***** THE DATA *****

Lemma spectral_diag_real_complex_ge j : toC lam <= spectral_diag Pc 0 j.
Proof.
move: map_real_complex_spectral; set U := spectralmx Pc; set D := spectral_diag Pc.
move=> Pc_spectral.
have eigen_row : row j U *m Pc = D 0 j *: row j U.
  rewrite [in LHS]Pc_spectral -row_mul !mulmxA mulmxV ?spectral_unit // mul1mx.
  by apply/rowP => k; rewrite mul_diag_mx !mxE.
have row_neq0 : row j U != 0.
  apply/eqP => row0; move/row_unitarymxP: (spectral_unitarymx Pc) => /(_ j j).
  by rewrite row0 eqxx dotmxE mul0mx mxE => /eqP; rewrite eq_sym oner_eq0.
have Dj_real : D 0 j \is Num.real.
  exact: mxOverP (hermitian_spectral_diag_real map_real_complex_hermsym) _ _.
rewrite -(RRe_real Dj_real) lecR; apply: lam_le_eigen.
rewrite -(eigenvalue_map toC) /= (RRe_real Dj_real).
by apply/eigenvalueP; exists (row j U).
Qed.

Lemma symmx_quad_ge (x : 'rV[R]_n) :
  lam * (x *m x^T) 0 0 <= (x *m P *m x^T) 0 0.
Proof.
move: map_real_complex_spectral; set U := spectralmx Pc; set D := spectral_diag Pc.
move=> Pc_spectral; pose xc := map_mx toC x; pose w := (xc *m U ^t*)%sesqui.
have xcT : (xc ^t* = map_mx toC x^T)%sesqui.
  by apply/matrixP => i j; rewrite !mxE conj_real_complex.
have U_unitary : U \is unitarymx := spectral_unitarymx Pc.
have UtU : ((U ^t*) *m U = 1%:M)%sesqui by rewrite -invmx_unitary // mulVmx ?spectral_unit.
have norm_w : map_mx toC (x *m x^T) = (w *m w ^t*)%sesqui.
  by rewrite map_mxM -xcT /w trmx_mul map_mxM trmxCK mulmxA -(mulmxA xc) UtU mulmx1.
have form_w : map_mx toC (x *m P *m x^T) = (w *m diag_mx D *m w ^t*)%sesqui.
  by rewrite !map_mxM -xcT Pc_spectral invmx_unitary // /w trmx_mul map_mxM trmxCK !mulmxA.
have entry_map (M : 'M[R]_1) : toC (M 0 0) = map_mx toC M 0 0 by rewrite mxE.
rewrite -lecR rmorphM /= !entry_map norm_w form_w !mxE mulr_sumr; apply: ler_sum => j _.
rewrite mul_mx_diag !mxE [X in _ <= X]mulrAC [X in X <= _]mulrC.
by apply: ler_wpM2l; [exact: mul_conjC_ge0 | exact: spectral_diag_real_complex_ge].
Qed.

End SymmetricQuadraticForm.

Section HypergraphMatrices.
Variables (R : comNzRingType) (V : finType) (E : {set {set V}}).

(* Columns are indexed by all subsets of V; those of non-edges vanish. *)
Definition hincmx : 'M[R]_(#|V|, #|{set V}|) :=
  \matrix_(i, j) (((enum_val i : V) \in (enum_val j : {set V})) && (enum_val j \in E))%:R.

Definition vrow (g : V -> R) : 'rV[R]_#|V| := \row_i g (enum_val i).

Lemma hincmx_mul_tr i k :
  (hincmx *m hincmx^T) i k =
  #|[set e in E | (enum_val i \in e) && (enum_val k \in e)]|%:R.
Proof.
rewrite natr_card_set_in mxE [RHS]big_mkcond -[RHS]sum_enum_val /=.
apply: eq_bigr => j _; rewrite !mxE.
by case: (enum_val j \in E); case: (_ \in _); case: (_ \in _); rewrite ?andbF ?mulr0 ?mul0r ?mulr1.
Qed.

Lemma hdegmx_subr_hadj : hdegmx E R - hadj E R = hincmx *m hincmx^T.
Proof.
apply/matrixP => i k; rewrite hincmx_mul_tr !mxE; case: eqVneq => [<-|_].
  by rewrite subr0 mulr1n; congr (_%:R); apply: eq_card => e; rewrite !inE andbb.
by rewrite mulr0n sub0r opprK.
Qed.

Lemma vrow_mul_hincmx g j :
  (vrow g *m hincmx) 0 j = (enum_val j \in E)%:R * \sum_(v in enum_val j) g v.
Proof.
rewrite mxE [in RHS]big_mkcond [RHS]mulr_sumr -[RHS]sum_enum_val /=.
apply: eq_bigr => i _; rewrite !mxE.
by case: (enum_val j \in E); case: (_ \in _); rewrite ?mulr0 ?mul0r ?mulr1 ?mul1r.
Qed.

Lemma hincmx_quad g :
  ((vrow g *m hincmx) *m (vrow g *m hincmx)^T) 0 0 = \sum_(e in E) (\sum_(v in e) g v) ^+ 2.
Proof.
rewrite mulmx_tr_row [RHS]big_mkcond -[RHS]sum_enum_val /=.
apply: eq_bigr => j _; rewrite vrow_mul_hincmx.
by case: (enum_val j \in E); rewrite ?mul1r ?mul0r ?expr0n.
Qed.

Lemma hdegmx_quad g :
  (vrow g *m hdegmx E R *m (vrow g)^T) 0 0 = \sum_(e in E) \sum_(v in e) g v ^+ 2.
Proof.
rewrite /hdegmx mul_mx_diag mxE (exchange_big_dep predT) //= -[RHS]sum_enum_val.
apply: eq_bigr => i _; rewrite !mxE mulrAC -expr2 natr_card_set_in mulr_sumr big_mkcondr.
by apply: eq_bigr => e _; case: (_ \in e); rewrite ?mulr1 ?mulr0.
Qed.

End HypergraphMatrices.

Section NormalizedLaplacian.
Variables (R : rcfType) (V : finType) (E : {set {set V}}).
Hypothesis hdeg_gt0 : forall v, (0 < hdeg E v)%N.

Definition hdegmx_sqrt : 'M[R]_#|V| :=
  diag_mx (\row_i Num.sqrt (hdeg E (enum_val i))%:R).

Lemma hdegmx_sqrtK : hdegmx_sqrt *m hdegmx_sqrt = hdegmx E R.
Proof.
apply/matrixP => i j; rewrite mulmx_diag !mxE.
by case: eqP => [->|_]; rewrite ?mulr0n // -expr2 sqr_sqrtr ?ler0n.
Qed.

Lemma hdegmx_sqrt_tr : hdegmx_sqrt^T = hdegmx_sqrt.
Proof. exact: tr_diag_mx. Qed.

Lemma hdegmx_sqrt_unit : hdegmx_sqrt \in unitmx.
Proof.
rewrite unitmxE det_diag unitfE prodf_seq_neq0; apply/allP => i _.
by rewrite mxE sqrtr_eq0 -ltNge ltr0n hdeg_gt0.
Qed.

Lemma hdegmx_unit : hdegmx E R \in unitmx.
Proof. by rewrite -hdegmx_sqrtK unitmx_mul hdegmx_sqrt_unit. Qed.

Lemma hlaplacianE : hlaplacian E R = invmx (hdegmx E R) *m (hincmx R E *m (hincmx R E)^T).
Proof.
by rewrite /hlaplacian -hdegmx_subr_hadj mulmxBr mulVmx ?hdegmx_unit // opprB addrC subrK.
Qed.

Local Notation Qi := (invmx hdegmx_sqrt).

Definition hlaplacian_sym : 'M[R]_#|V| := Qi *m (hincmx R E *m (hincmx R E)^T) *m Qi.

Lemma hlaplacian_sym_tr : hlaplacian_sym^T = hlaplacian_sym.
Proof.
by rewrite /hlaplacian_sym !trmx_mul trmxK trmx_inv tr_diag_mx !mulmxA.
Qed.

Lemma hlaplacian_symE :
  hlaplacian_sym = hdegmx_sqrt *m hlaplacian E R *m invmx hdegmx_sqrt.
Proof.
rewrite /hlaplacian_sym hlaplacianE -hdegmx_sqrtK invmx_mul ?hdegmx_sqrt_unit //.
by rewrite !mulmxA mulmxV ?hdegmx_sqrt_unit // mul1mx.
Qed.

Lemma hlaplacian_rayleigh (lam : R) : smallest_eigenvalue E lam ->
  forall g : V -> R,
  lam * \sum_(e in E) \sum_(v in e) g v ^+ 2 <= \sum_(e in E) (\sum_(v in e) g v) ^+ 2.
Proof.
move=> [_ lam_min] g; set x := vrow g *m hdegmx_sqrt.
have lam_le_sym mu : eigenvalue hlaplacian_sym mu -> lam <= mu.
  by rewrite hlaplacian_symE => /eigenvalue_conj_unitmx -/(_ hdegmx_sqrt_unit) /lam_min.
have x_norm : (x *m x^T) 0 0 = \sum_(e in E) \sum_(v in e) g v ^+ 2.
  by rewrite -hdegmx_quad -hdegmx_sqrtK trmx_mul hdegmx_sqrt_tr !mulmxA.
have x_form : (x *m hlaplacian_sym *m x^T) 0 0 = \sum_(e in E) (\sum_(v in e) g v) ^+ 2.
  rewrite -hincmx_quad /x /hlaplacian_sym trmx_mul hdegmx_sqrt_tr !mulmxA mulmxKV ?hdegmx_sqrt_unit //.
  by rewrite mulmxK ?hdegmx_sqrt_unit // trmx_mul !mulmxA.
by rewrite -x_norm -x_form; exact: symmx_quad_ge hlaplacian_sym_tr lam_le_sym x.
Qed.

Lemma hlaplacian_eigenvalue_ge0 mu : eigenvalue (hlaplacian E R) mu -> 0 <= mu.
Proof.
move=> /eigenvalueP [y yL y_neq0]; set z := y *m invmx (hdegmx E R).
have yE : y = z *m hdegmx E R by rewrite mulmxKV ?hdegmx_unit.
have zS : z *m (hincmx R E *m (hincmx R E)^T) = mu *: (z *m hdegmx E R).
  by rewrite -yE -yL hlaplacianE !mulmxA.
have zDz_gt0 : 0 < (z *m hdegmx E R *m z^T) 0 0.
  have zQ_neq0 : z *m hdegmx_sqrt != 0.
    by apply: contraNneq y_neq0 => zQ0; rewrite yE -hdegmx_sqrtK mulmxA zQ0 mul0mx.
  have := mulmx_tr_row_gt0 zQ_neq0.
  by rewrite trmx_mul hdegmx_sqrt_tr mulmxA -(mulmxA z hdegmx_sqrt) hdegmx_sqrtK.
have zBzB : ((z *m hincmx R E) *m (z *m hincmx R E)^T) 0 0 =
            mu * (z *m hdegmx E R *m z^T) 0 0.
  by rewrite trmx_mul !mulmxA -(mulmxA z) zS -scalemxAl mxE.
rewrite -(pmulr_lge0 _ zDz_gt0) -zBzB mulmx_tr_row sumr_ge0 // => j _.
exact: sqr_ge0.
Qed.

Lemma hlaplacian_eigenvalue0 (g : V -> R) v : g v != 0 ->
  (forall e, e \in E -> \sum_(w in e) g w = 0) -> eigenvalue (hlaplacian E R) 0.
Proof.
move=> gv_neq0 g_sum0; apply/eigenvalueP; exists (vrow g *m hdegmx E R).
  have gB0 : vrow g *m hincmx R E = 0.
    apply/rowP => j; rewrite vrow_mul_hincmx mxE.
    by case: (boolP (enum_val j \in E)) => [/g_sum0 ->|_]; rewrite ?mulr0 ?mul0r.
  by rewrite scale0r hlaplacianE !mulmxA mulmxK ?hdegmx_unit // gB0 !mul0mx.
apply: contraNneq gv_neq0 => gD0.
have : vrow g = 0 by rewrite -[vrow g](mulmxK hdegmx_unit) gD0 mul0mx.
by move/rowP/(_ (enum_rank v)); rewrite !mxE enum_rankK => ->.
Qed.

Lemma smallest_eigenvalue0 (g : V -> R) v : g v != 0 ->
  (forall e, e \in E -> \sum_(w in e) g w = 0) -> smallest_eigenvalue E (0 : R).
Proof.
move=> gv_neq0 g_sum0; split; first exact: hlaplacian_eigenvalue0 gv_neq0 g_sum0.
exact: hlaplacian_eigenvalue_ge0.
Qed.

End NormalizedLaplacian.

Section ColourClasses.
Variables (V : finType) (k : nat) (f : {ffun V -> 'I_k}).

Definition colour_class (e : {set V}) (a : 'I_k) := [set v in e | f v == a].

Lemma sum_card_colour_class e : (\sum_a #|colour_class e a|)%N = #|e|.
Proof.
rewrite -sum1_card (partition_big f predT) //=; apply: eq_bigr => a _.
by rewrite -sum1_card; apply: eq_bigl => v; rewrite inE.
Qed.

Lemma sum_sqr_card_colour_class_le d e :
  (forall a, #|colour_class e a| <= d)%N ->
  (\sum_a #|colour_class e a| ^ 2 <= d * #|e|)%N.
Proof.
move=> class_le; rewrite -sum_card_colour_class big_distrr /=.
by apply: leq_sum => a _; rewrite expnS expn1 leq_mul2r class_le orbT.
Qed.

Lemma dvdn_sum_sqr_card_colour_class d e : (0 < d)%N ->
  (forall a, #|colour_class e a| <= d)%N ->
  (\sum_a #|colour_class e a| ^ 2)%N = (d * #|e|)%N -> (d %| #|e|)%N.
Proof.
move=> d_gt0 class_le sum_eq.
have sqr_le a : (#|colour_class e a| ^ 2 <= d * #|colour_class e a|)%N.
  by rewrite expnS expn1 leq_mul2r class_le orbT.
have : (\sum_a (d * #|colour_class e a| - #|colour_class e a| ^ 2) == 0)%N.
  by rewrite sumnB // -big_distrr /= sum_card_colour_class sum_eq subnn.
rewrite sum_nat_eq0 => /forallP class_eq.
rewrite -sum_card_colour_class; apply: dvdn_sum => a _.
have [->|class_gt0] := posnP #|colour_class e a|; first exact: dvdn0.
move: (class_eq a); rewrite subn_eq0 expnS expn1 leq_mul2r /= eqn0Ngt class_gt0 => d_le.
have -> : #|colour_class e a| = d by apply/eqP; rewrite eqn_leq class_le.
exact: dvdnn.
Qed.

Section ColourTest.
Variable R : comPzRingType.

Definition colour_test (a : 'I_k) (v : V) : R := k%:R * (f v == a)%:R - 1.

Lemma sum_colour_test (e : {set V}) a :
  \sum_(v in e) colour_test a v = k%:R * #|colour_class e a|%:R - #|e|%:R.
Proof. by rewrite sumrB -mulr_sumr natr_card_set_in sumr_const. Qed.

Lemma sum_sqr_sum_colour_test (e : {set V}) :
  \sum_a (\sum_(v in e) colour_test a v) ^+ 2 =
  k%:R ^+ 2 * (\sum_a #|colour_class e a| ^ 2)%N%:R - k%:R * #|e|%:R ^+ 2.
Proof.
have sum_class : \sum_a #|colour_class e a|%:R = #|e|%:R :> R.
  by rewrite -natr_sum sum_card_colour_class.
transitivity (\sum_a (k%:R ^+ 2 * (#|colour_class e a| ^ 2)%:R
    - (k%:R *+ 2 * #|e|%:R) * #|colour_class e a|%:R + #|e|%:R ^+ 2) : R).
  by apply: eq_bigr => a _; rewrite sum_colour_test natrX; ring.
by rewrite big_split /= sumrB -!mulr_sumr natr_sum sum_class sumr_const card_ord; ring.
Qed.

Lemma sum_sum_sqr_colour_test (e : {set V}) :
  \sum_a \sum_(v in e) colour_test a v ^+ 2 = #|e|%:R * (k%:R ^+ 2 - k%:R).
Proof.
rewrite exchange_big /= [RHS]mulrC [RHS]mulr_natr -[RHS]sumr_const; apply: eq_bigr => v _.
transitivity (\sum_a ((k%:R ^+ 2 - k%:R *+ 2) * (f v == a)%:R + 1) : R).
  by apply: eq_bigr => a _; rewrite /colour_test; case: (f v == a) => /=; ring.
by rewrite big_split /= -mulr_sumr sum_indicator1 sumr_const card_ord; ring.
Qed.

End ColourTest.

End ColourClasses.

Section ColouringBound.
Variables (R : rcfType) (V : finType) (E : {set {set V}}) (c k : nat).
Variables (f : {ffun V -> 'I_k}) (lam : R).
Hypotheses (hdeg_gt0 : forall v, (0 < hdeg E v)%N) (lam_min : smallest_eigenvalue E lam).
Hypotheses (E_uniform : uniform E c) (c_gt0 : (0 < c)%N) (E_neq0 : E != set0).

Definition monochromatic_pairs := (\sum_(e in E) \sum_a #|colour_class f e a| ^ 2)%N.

*****

Copy out each line of the data containing the string "lecR".

TASK RESULT:
rewrite -(RRe_real Dj_real) lecR; apply: lam_le_eigen.
rewrite -lecR rmorphM /= !entry_map norm_w form_w !mxE mulr_sumr; apply: ler_sum => j _.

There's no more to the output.